In CHOIN V. MUKASEY, Yelena Choin was admitted to the U.S. in 1998 as the fiancé of a US citizen, and her two children were admitted in K-2 status. On February 20, 1999, Yelena married her US citizen fiancé Albert Tapia, and on April 14, she and her children applied for adjustment of status. Almost two years later, on April 9, 2001, five days short of their second wedding anniversary, Choin and Tapia divorced.
Yelena's immigration nightmare began on August 27, 2001, when the USCIS denied her adjustment application because of the divorce, and placed her in removal proceedings. An Immigration Judge also denied her adjustment application and the Board of Immigration Appeals (BIA) agreed with the IJ. The BIA also denied Yelena's Motion for Reconsideration.
Yelena challenged the BIA's ruling before the 9th Circuit Court of Appeals. The principal issue was whether the Immigration Judge and the BIA had properly interpreted section 245(d) of the Immigration and Nationality Act, which holds that the Attorney General may not adjust . . . the status (K visa) except to that of an alien lawfully admitted to the United States on a conditional basis under section 1186a of this title as a result of the marriage of the nonimmigrant . . . to the citizen who filed the K visa petition. (Emphasis added)
The Appeals Court held that the language of section 245(d) was "ambiguous" and that the purpose and context of 245(d) also do not support the government's reading of the statute that requires the automatic removal of immigrants whose marriages end in divorce while their application for adjustment of status languishes in the agency's file cabinet. The Court relied on their previous holding in Freeman vs. Gonzalez, 444 F.3d 1031. Freeman holds that if a marriage to the US citizen was bona fide, the fact that the citizen spouse dies before the USCIS makes a final decision on the application for adjustment of status does not stop it from being approved.
As a result of the Court's decision in Choin vs. Mukasey, Yelena's immigration nightmare finally ended.
This holding continues a long line of cases (Matter of Boromand, Matter of McKee) that hold that a marriage must only be valid at inception. Indeed, the parties do not need to be married at the time USCIS adjudicates the adjustment application.

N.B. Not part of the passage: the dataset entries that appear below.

(* Let $X,Y$ be compact metric spaces, $f:X\dashrightarrow Y$ a continuous open-dense defined map, and $U\subset X$ an open dense set such that $f(U)$ is open dense in $Y$ and $f|_U:U\to f(U)$ is a proper covering map of finite degree $\deg(f)$. Then $f^*(SM^+(Y))\subset SM^+(X)$, and for every $\nu\in SM^+(Y)$ we have $f^*(\nu)(\pm1)=\deg(f)\,\nu(\pm1)$; in particular $\|f^*(\nu)\|=\deg(f)\|\nu\|$.
   Context: Strong submeasures: sub-linear bounded maps $C^0(X)\to\mathbb{R}$, with norm $\|\mu\|$ the least $C$ with $|\mu(\varphi)|\le C\|\varphi\|_{L^\infty}$; positive means non-decreasing; $SM^+$ denotes positive strong submeasures. A continuous open-dense defined map $f:X\dashrightarrow Y$ is a continuous map defined on an open dense subset of $X$. For open dense $V\subset Y$ and bounded $g:V\to\mathbb{R}$, $E(g)=g$ on $V$ and $E(g)(y)=\limsup_{z\in V,z\to y}g(z)$ for $y\notin V$. For $\varphi\in C^0(X)$, $(f|_U)_*(\varphi)(y)=\sum_{x\in U,f(x)=y}\varphi(x)$ (continuous on $f(U)$) and $f_*(\varphi):=E((f|_U)_*(\varphi))$, a bounded upper-semicontinuous function on $Y$. For $\nu\in SM^+(Y)$ and $\varphi\in C^0(X)$, $f^*(\nu)(\varphi):=\inf\{\nu(\psi):\psi\in C^0(Y),\ \psi\ge f_*(\varphi)\}$. *)

From Stdlib Require Import Reals Lra List Classical ClassicalEpsilon.
Open Scope R_scope.

Definition is_metric {X : Type} (d : X -> X -> R) : Prop :=
  (forall x y, 0 <= d x y) /\ (forall x y, d x y = 0 <-> x = y) /\
  (forall x y, d x y = d y x) /\ (forall x y z, d x z <= d x y + d y z).

Definition mopen {X : Type} (d : X -> X -> R) (A : X -> Prop) : Prop :=
  forall x, A x -> exists r, r > 0 /\ forall y, d x y < r -> A y.

Definition dense_set {X : Type} (d : X -> X -> R) (A : X -> Prop) : Prop :=
  forall x r, r > 0 -> exists y, A y /\ d x y < r.

Definition compact_set {X : Type} (d : X -> X -> R) (K : X -> Prop) : Prop :=
  forall (I : Type) (O : I -> X -> Prop),
    (forall i, mopen d (O i)) -> (forall x, K x -> exists i, O i x) ->
    exists l : list I, forall x, K x -> exists i, In i l /\ O i x.

Definition compact_space {X : Type} (d : X -> X -> R) : Prop :=
  compact_set d (fun _ => True).

Definition distR (a b : R) : R := Rabs (b - a).

Definition continuous_on {X Y : Type} (dX : X -> X -> R) (dY : Y -> Y -> R)
  (A : X -> Prop) (f : X -> Y) : Prop :=
  forall x, A x -> forall e, e > 0 -> exists del, del > 0 /\
    forall x', A x' -> dX x x' < del -> dY (f x) (f x') < e.

Definition cont {X : Type} (dX : X -> X -> R) (phi : X -> R) : Prop :=
  continuous_on dX distR (fun _ => True) phi.

Definition Rsup (P : R -> Prop) : R := epsilon (inhabits 0) (is_lub P).
Definition Rinf (P : R -> Prop) : R := - Rsup (fun r => P (- r)).

(* sup norm ||phi||_{L^infty} (0 on the empty space) *)
Definition Linf {X : Type} (phi : X -> R) : R :=
  Rsup (fun r => r = 0 \/ exists x, r = Rabs (phi x)).

Definition strong_submeasure {X : Type} (dX : X -> X -> R) (mu : (X -> R) -> R) : Prop :=
  (forall phi psi, cont dX phi -> cont dX psi ->
      mu (fun x => phi x + psi x) <= mu phi + mu psi) /\
  (forall t phi, 0 <= t -> cont dX phi -> mu (fun x => t * phi x) = t * mu phi) /\
  (exists C, forall phi, cont dX phi -> Rabs (mu phi) <= C * Linf phi).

The government has long refused to grant adjustment of status for K visa recipients whose good faith marriage ended in divorce prior to the adjudication of the adjustment application It is gratifying to see that the termination of the good faith marriage through divorce need not result in the removal of the K visa holder when it is the government that takes several years to adjudicate the applications. Prior to the Choin decision, the USCIS would have denied the application for adjustment of status since the marriage was no longer in existence. However this is no longer true, at least for applications submitted by persons who live in any of the states within the jurisdiction of the US Court of Appeals for the Ninth Circuit (Alaska, Arizona, California, Hawaii, Idaho, Montana, Oregon and Washington).
Thus, if you enter into a bona fide marriage, but unfortunately the US citizen spouse dies, or the marriage ends in divorce before the USCIS makes a decision on the application for adjustment of status, don't panic.